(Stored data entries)
================================

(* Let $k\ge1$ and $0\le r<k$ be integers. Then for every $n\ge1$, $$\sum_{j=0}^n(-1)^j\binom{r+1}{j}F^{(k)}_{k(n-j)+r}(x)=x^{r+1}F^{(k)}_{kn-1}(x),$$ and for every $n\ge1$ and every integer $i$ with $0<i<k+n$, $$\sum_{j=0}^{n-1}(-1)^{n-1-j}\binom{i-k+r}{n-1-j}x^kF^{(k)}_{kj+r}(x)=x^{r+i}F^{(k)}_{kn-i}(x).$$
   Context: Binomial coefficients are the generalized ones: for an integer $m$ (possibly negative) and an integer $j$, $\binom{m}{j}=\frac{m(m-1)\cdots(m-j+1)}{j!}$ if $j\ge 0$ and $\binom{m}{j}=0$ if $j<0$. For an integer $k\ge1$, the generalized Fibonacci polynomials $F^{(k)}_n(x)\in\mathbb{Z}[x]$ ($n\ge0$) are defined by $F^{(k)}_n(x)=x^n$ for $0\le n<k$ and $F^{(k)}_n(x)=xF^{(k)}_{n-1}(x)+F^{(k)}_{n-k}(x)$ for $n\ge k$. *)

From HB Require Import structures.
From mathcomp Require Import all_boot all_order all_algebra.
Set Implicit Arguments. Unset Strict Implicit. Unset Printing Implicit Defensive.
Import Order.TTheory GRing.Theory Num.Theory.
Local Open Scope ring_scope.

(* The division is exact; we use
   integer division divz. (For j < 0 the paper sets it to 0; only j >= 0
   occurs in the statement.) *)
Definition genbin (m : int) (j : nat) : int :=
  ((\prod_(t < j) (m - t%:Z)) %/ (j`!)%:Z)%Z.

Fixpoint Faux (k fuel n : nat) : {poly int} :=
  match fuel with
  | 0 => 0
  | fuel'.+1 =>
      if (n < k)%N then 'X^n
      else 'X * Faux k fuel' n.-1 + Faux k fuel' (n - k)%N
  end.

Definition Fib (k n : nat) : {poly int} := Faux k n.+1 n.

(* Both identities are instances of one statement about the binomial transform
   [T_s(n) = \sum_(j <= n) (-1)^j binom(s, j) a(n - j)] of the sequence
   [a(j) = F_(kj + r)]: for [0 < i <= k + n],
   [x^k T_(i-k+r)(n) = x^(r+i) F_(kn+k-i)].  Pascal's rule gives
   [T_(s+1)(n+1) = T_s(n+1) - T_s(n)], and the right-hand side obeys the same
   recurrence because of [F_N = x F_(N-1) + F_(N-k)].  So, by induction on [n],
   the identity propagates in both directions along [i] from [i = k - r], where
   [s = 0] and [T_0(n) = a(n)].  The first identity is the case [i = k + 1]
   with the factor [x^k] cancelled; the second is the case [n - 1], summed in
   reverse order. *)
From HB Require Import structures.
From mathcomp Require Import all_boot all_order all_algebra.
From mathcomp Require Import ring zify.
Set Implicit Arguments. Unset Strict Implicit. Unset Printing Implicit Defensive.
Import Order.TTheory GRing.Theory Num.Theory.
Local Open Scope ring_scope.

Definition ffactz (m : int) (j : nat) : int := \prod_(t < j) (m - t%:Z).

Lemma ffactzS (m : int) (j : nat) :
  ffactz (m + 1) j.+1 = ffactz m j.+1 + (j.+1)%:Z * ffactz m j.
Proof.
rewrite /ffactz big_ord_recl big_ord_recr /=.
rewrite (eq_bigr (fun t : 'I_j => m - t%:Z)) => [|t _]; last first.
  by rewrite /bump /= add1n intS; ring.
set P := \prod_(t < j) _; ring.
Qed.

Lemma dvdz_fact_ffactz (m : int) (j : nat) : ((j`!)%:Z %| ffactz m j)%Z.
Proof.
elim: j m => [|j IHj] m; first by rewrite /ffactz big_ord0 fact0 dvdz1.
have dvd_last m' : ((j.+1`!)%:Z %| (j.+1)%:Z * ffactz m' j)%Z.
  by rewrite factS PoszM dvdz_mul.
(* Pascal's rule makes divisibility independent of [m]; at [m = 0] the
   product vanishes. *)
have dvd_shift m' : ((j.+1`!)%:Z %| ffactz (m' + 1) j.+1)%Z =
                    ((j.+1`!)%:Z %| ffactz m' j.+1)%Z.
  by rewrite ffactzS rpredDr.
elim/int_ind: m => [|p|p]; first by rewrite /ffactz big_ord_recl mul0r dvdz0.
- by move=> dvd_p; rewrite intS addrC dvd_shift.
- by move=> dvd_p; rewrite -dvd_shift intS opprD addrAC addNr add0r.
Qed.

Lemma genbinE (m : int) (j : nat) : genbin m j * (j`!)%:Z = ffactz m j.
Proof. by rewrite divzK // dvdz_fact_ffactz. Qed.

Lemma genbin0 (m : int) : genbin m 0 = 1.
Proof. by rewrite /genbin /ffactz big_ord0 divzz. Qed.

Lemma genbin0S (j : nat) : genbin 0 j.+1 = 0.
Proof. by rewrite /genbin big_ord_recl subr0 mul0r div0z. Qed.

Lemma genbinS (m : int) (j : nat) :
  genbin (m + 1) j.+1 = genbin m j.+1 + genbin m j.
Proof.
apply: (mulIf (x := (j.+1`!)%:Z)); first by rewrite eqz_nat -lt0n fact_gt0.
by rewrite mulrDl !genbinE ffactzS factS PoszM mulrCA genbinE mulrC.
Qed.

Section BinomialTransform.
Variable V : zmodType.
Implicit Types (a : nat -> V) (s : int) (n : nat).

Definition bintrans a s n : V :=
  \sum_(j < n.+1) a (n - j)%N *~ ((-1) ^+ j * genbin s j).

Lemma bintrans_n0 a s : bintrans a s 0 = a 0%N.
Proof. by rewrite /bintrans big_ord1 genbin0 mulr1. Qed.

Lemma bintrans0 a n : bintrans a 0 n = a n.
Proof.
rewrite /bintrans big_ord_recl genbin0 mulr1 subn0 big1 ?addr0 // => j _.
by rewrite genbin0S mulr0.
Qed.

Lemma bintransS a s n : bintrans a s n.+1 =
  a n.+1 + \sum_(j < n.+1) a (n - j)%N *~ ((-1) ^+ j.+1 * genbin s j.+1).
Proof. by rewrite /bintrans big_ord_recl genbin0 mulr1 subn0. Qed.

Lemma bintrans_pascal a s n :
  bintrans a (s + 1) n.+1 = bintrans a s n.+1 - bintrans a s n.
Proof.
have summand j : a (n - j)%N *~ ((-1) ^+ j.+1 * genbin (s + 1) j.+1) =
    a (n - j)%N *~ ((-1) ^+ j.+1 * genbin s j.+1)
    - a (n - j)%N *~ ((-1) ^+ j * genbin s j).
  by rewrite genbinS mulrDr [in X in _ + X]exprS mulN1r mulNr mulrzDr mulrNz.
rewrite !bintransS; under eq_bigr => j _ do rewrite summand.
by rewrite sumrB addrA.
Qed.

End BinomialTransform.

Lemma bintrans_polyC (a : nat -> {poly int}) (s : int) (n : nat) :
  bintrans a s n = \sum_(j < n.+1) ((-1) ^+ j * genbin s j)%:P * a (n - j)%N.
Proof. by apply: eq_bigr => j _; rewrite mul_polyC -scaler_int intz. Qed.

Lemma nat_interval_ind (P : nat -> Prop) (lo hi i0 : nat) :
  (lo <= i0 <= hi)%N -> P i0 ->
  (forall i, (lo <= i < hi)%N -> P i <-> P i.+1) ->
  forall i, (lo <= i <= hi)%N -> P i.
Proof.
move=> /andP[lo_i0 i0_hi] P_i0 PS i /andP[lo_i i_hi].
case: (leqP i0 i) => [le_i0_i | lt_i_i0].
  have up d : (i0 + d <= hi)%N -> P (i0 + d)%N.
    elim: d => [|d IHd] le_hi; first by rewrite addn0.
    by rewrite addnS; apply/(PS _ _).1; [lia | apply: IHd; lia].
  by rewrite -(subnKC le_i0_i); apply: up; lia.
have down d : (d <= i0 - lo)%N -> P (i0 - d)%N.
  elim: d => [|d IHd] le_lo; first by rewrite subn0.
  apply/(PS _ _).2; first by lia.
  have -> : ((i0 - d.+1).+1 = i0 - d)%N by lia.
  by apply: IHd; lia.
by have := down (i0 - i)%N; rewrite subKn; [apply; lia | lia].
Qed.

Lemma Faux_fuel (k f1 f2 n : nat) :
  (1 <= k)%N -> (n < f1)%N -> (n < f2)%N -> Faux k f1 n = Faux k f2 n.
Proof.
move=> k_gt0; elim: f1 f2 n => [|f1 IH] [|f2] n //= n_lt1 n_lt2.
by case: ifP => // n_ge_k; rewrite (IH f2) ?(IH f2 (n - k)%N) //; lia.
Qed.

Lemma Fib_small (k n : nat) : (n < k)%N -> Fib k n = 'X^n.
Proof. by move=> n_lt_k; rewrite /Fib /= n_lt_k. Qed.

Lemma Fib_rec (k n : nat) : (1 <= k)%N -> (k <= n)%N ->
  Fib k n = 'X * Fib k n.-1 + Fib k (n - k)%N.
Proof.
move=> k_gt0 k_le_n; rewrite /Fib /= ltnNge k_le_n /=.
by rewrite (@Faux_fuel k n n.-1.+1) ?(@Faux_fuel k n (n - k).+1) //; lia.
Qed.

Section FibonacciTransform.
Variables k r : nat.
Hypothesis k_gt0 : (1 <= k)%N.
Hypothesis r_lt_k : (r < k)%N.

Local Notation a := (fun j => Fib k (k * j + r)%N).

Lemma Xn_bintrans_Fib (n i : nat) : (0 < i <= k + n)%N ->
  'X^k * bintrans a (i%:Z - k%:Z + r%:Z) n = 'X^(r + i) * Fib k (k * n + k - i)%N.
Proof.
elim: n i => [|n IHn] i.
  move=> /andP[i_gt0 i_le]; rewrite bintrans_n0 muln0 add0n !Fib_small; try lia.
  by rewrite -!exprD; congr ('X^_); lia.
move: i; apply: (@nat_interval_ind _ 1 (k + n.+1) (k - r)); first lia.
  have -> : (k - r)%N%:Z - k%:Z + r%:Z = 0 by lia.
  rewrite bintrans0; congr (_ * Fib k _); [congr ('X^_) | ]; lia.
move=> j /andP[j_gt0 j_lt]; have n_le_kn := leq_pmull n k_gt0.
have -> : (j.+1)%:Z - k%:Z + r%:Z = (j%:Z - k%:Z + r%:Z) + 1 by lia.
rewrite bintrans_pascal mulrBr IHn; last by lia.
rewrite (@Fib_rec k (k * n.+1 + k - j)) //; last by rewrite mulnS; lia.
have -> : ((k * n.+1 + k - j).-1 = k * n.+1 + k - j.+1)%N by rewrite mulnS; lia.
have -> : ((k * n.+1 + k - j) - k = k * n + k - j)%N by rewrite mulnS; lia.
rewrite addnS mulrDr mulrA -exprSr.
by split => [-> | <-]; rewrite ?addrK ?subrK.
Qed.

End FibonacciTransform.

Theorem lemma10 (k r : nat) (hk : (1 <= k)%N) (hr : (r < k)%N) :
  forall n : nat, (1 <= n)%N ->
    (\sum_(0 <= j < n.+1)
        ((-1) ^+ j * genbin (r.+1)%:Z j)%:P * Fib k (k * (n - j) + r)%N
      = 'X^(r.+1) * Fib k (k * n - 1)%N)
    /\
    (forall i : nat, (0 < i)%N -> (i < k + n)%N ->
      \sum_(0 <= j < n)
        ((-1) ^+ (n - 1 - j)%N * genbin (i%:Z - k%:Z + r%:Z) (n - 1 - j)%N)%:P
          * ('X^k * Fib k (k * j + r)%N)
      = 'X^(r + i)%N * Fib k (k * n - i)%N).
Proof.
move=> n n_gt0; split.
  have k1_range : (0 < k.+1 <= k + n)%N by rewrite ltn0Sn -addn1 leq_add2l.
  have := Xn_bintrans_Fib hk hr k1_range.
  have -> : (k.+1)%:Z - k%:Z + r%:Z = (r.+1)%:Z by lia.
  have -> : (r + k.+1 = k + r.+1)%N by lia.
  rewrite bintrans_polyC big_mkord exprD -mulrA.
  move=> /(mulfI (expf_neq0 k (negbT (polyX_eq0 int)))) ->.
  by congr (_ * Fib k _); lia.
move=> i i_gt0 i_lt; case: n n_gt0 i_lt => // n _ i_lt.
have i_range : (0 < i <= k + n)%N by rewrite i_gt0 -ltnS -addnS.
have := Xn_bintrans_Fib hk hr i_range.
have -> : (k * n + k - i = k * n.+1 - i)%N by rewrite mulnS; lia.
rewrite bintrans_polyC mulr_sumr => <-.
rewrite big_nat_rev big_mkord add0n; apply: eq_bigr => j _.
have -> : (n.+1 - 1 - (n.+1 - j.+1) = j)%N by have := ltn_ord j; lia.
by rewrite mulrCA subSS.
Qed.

================================

**TASK TO COMPLETE**
Lines to set down from above: the line with "((\prod_(t < j)", the line with "(* Both identities", and every line between, each exactly as written.

**WRITTEN RESPONSE**
  ((\prod_(t < j) (m - t%:Z)) %/ (j`!)%:Z)%Z.

Fixpoint Faux (k fuel n : nat) : {poly int} :=
  match fuel with
  | 0 => 0
  | fuel'.+1 =>
      if (n < k)%N then 'X^n
      else 'X * Faux k fuel' n.-1 + Faux k fuel' (n - k)%N
  end.

Definition Fib (k n : nat) : {poly int} := Faux k n.+1 n.

(* Both identities are instances of one statement about the binomial transform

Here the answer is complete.